* **WHAT IS BEING ASKED**
Return, word for word, only the lines from the one containing "X *m S = X -> forall t, X *m S ^+ t = X." through the last line of the entries.

* **RECORDS**

· · · · · · ·

(* Let $\mathbf{F}$ be a finite field with $q$ elements, $V$ a finite-dimensional $\mathbf{F}$-vector space, $W\subset V$ a subspace of codimension $1$, and $T\colon W\to V$ a linear map (a partial linear map on $V$ with domain $W$). For $j\ge0$ let $e(T,j)=\#\{S\colon V\to V\text{ semi-idempotent} : S|_W=T,\ \mathrm{srk}\,S=j\}$, and for $i,j\ge0$ let $e(T,i,j)=\#\{S\colon V\to V\text{ semi-idempotent}: S|_W=T,\ \operatorname{rank} S=i,\ \mathrm{srk}\,S=j\}$. Then (1) $e(T,\mathrm{srk}\,T)=q^{\mathrm{srk}\,T}\,e(T,\mathrm{srk}\,T+1)$; (2) if $\operatorname{im} T\not\subset W$, then $e(T,\operatorname{rank} T,\mathrm{srk}\,T)=q^{\mathrm{srk}\,T}\,e(T,\operatorname{rank} T,\mathrm{srk}\,T+1)$ and $e(T,\operatorname{rank} T+1,\mathrm{srk}\,T)=q^{\mathrm{srk}\,T}\,e(T,\operatorname{rank} T+1,\mathrm{srk}\,T+1)$.
   Context: A partial linear map on $V$ is a linear map $T\colon W\to V$ from a subspace $W=\operatorname{dom}T$. The composite of partial linear maps $T,S$ has domain $S^{-1}(\operatorname{dom}T)$ and is $v\mapsto T(S(v))$; $T^0=\mathrm{id}_V$ and $T^j$ is the $j$-fold composite. The stable rank $\mathrm{srk}\,T$ of a partial linear map is $\dim \operatorname{im} T^j$ for $j\gg0$. A linear operator $S\colon V\to V$ is semi-idempotent if $V=X\oplus Y$ with $X,Y$ $S$-stable, $S|_X=\mathrm{id}$, $S|_Y$ nilpotent. *)

(* V = 'rV[F]_n (row vectors), linear operators act on the
   right: v |-> v *m S.  Subspaces are row spaces of square matrices (%MS). *)
From HB Require Import structures.
From mathcomp Require Import all_boot all_order all_algebra.
From mathcomp Require Import boolp.
Set Implicit Arguments. Unset Strict Implicit. Unset Printing Implicit Defensive.
Import GRing.Theory.
Local Open Scope ring_scope.

Section PartialMaps.
Variables (F : fieldType) (n : nat).

Definition preimmx (M U : 'M[F]_n) : 'M[F]_n := kermx (M *m cokermx U).

(* A partial linear map on V with domain D is represented by (D, A):
   it is v |-> v *m A for v in D (only the action of A on D matters).
   pdom D A j = domain of the j-fold composite T^j (T^0 = id_V). *)
Fixpoint pdom (D A : 'M[F]_n) (j : nat) : 'M[F]_n :=
  match j with
  | 0 => 1%:M
  | j'.+1 => (pdom D A j' :&: preimmx (A ^+ j') D)%MS
  end.

Definition pimg (D A : 'M[F]_n) (j : nat) : 'M[F]_n := pdom D A j *m A ^+ j.

Definition srk_is (D A : 'M[F]_n) (r : nat) : Prop :=
  exists N, forall j, (N <= j)%N -> \rank (pimg D A j) = r.

Definition semi_idempotent (S : 'M[F]_n) : Prop :=
  exists X Y : 'M[F]_n,
    (X :&: Y == (0 : 'M[F]_n))%MS /\ (X + Y == 1%:M)%MS /\
    stablemx X S /\ stablemx Y S /\
    (forall x : 'rV[F]_n, (x <= X)%MS -> x *m S = x) /\
    (exists k, forall y : 'rV[F]_n, (y <= Y)%MS -> y *m S ^+ k = 0).

Definition extends (W A S : 'M[F]_n) : Prop :=
  forall w : 'rV[F]_n, (w <= W)%MS -> w *m S = w *m A.

End PartialMaps.

Definition e2 (F : finFieldType) (n : nat) (W A : 'M[F]_n) (j : nat) : nat :=
  #|[set S : 'M[F]_n | `[< semi_idempotent S /\ extends W A S /\
                          srk_is 1%:M S j >]]|.

Definition e3 (F : finFieldType) (n : nat) (W A : 'M[F]_n) (i j : nat) : nat :=
  #|[set S : 'M[F]_n | `[< semi_idempotent S /\ extends W A S /\
                          \rank S = i /\ srk_is 1%:M S j >]]|.

From HB Require Import structures.
From mathcomp Require Import all_boot all_order all_algebra.
From mathcomp Require Import boolp.
From mathcomp Require Import zify.
Set Implicit Arguments. Unset Strict Implicit. Unset Printing Implicit Defensive.
Import GRing.Theory.
Local Open Scope ring_scope.

(* Write D i for the domain of T^i.  As W has codimension one, the chain
   V = D 0 > D 1 = W > D 2 > ... loses one dimension per step until it
   stabilises at Dinf = D k, an A-stable subspace of codimension k.  Pick
   y in D (k-1) outside Dinf and put v0 = y A^(k-1), a vector outside W: V is
   spanned by Dinf and the orbit y, ..., v0, and an extension S of T is
   determined by u = v0 S.  If some extension is semi-idempotent then so is A
   on Dinf, and Dinf = Z (+) Y with Z = Dinf A^J its fixed part, of dimension
   srk T, and Y = Dinf (1 - A).  The extension S is semi-idempotent of stable
   rank srk T iff u lies in Dinf = Z (+) Y, and of stable rank srk T + 1 iff
   u lies in v0 + Y.  Both conditions, as well as rank S = rank T + [u not in
   im T] when im T is not in W, are invariant under translation of u by Z and
   by v0, whence the factor q^(dim Z). *)

Section Operators.
Variables (F : fieldType) (n : nat).
Implicit Types (D A B U S : 'M[F]_n) (v : 'rV[F]_n).

Lemma sub_preimmx B U v : (v <= preimmx B U)%MS = (v *m B <= U)%MS.
Proof. by rewrite /preimmx sub_kermx mulmxA submxE. Qed.

Lemma sub_pdomP D A j v :
  (v <= pdom D A j)%MS <-> (forall i, (i < j)%N -> (v *m A ^+ i <= D)%MS).
Proof.
elim: j => [|j IH] /=; first by split=> // _; exact: submx1.
rewrite sub_capmx sub_preimmx; split.
  case/andP=> /IH H1 H2 i; rewrite ltnS leq_eqVlt; case/orP=> [/eqP->//|].
  exact: H1.
move=> H; apply/andP; split; last exact: H.
by apply/IH => i Hi; apply: H; rewrite ltnW.
Qed.

Lemma srk_is_fullP S j :
  srk_is 1%:M S j <-> exists N, forall i, (N <= i)%N -> \rank (S ^+ i) = j.
Proof.
have pimg_full i : \rank (pimg 1%:M S i) = \rank (S ^+ i).
  have dom_full : (pdom 1%:M S i :=: (1%:M : 'M[F]_n))%MS.
    apply/eqmxP/andP; split; first exact: submx1.
    by apply/rV_subP => v _; apply/sub_pdomP => l _; exact: submx1.
  by rewrite /pimg (eqmxMr _ dom_full) mul1mx.
by split; case=> N h; exists N => i hi;
  [rewrite -pimg_full h | rewrite pimg_full h].
Qed.

Lemma mulmx_rV_ext m p (B C : 'M[F]_(m, p)) :
  (forall v : 'rV[F]_m, v *m B = v *m C) -> B = C.
Proof.
move=> H; apply/row_matrixP => i.
by rewrite -[B]mul1mx -[C]mul1mx !row_mul H.
Qed.

Lemma mulmx_exp_fix m (X : 'M[F]_(m, n)) S :
  X *m S = X -> forall t, X *m S ^+ t = X.
Proof.
move=> h; elim=> [|t IH]; first by rewrite expr0 mulmx1.
by rewrite exprSr -mulmxE mulmxA IH h.
Qed.

Lemma exprD_fix S M : S ^+ M *m S = S ^+ M -> forall t, S ^+ (M + t) = S ^+ M.
Proof. by move=> h t; rewrite exprD -mulmxE mulmx_exp_fix. Qed.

· · · · · · ·

* **EXERCISE OUTPUT**
  X *m S = X -> forall t, X *m S ^+ t = X.
Proof.
move=> h; elim=> [|t IH]; first by rewrite expr0 mulmx1.
by rewrite exprSr -mulmxE mulmxA IH h.
Qed.

Lemma exprD_fix S M : S ^+ M *m S = S ^+ M -> forall t, S ^+ (M + t) = S ^+ M.
Proof. by move=> h t; rewrite exprD -mulmxE mulmx_exp_fix. Qed.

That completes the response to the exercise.